• [Work to be completed]
Report each line of the entries that includes "simpl" by copying it.

Data supplied below:

Lemma exp_contraction_le0 (S : R -> R) B c :
  0 <= B -> 0 <= c ->
  (forall s, 0 <= s -> S s <= B * exp (- (2 * s))) ->
  (forall t b m, 0 <= t -> 0 <= b -> 0 < m ->
     (forall s, t <= s -> S s <= b * exp (- m * s)) ->
     S t <= c * b * exp (- (m + 2) * t) / m) ->
  forall t, 0 <= t -> S t <= 0.
Proof.
  intros HB Hc Hbase Hstep.
  set (x n := (c / 2) ^ n / INR (Factorial.fact n)).
  assert (Hx : forall n, 0 <= x n).
  { intros n; unfold x; apply Rdiv_le_0_compat; [apply pow_le; lra |].
    apply lt_0_INR, Factorial.lt_O_fact. }
  assert (Hiter : forall n t, 0 <= t -> S t <= B * x n * exp (- (2 * INR n + 2) * t)).
  { induction n as [| n IHn]; intros t Ht.
    - unfold x; simpl.
      replace (- (2 * 0 + 2) * t) with (- (2 * t)) by ring.
      replace (B * (1 / 1)) with B by field; auto.
    - eapply Rle_trans.
      { apply (Hstep t (B * x n) (2 * INR n + 2)); auto.
        + apply Rmult_le_pos; auto.
        + pose proof (pos_INR n); lra.
        + intros s Hs; apply IHn; lra. }
      right; unfold x.
      rewrite fact_simpl, mult_INR, S_INR; simpl.
      replace (- (2 * INR n + 2 + 2) * t) with (- (2 * (INR n + 1) + 2) * t) by ring.
      pose proof (pos_INR n); pose proof (INR_fact_neq_0 n).
      field; lra. }
  intros t Ht.
  assert (Hlim : Rbar_le (S t) (B * 0)).
  { apply (is_lim_seq_le (fun _ => S t) (fun n => B * x n)).
    - intros n; eapply Rle_trans; [apply (Hiter n t Ht) |].
      rewrite <- (Rmult_1_r (B * x n)) at 2.
      apply Rmult_le_compat_l; [apply Rmult_le_pos; auto |].
      rewrite <- exp_0; apply exp_le_compat; pose proof (pos_INR n); nra.
    - apply is_lim_seq_const.
    - apply (is_lim_seq_scal_l x B 0), is_lim_seq_Reals, cv_speed_pow_fact. }
  simpl in Hlim; lra.
Qed.

Lemma fixed_points_contraction d q u v1 v2 K :
  0 <= K -> fixed_point_T d q u v1 -> fixed_point_T d q u v2 ->
  (forall s, 0 <= s -> vnorm (v1 s) <= K * exp (- (2 * s)) /\ vnorm (v2 s) <= K * exp (- (2 * s))) ->
  forall t b m, 0 <= t -> 0 <= b -> 0 < m ->
    (forall s, t <= s -> dist1 (v1 s) (v2 s) <= b * exp (- m * s)) ->
    dist1 (v1 t) (v2 t) <= contraction_const d q K * b * exp (- (m + 2) * t) / m.
Proof.
  intros HK Fix1 Fix2 Hdecay t b m Ht Hb Hm Hdist.
  set (C := contraction_const d q K / 4).
  assert (HC : 0 <= C) by (unfold C; pose proof (contraction_const_ge0 d q K HK); lra).
  eapply Rle_trans.
  { apply (fixed_points_dist1_le d q u v1 v2 t (C * exp (- (2 * t)) * b) m); auto.
    - apply Rmult_le_pos; [apply Rmult_le_pos; [exact HC | left; apply exp_pos] | exact Hb].
    - intros s Hs; destruct (Hdecay s ltac:(lra)) as [H1 H2].
      eapply Rle_trans; [apply (dist1_Phi_bnl_le d q K); auto; lra |].
      fold C; rewrite (Rmult_assoc (C * exp (- (2 * t))) b).
      apply Rmult_le_compat_l; [apply Rmult_le_pos; [exact HC | left; apply exp_pos] |].
      now apply Hdist. }
  right; unfold C.
  replace (- (m + 2) * t) with (- (2 * t) + - m * t) by ring.
  rewrite exp_plus; field; lra.
Qed.

(** None of the first three hypotheses is used: [u] enters only through the
    fixed-point equations, and for [d = 0] the divisions by [INR d] are merely junk. *)
Theorem theorem4 (d : nat) (q : R) (u : R -> vec4) :
  (0 < d)%nat ->
  inV u ->
  solves_linear d u ->
  forall v1 v2 : R -> vec4,
    fixed_point_T d q u v1 ->
    fixed_point_T d q u v2 ->
    forall t, 0 <= t -> v1 t = v2 t.
Proof.
  intros _ _ _ v1 v2 Fix1 Fix2 t Ht.
  destruct (inV_exp_decay v1 (proj1 Fix1)) as (K1 & HK1 & Hv1).
  destruct (inV_exp_decay v2 (proj1 Fix2)) as (K2 & HK2 & Hv2).
  set (K := K1 + K2).
  assert (HK : 0 <= K) by (unfold K; lra).
  assert (Hdecay : forall s, 0 <= s ->
            vnorm (v1 s) <= K * exp (- (2 * s)) /\ vnorm (v2 s) <= K * exp (- (2 * s))).
  { intros s Hs; pose proof (exp_pos (- (2 * s))).
    specialize (Hv1 s Hs); specialize (Hv2 s Hs); unfold K; split; nra. }
  apply dist1_le0_eq.
  apply (exp_contraction_le0 (fun s => dist1 (v1 s) (v2 s)) (8 * K) (contraction_const d q K));
    auto using contraction_const_ge0; try lra.
  - intros s Hs; destruct (Hdecay s Hs).
    eapply Rle_trans; [apply dist1_le_vnorm | lra].
  - exact (fixed_points_contraction d q u v1 v2 K HK Fix1 Fix2 Hdecay).
Qed.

End of Data supplied.

• [Answer below]
    - unfold x; simpl.
      rewrite fact_simpl, mult_INR, S_INR; simpl.
  simpl in Hlim; lra.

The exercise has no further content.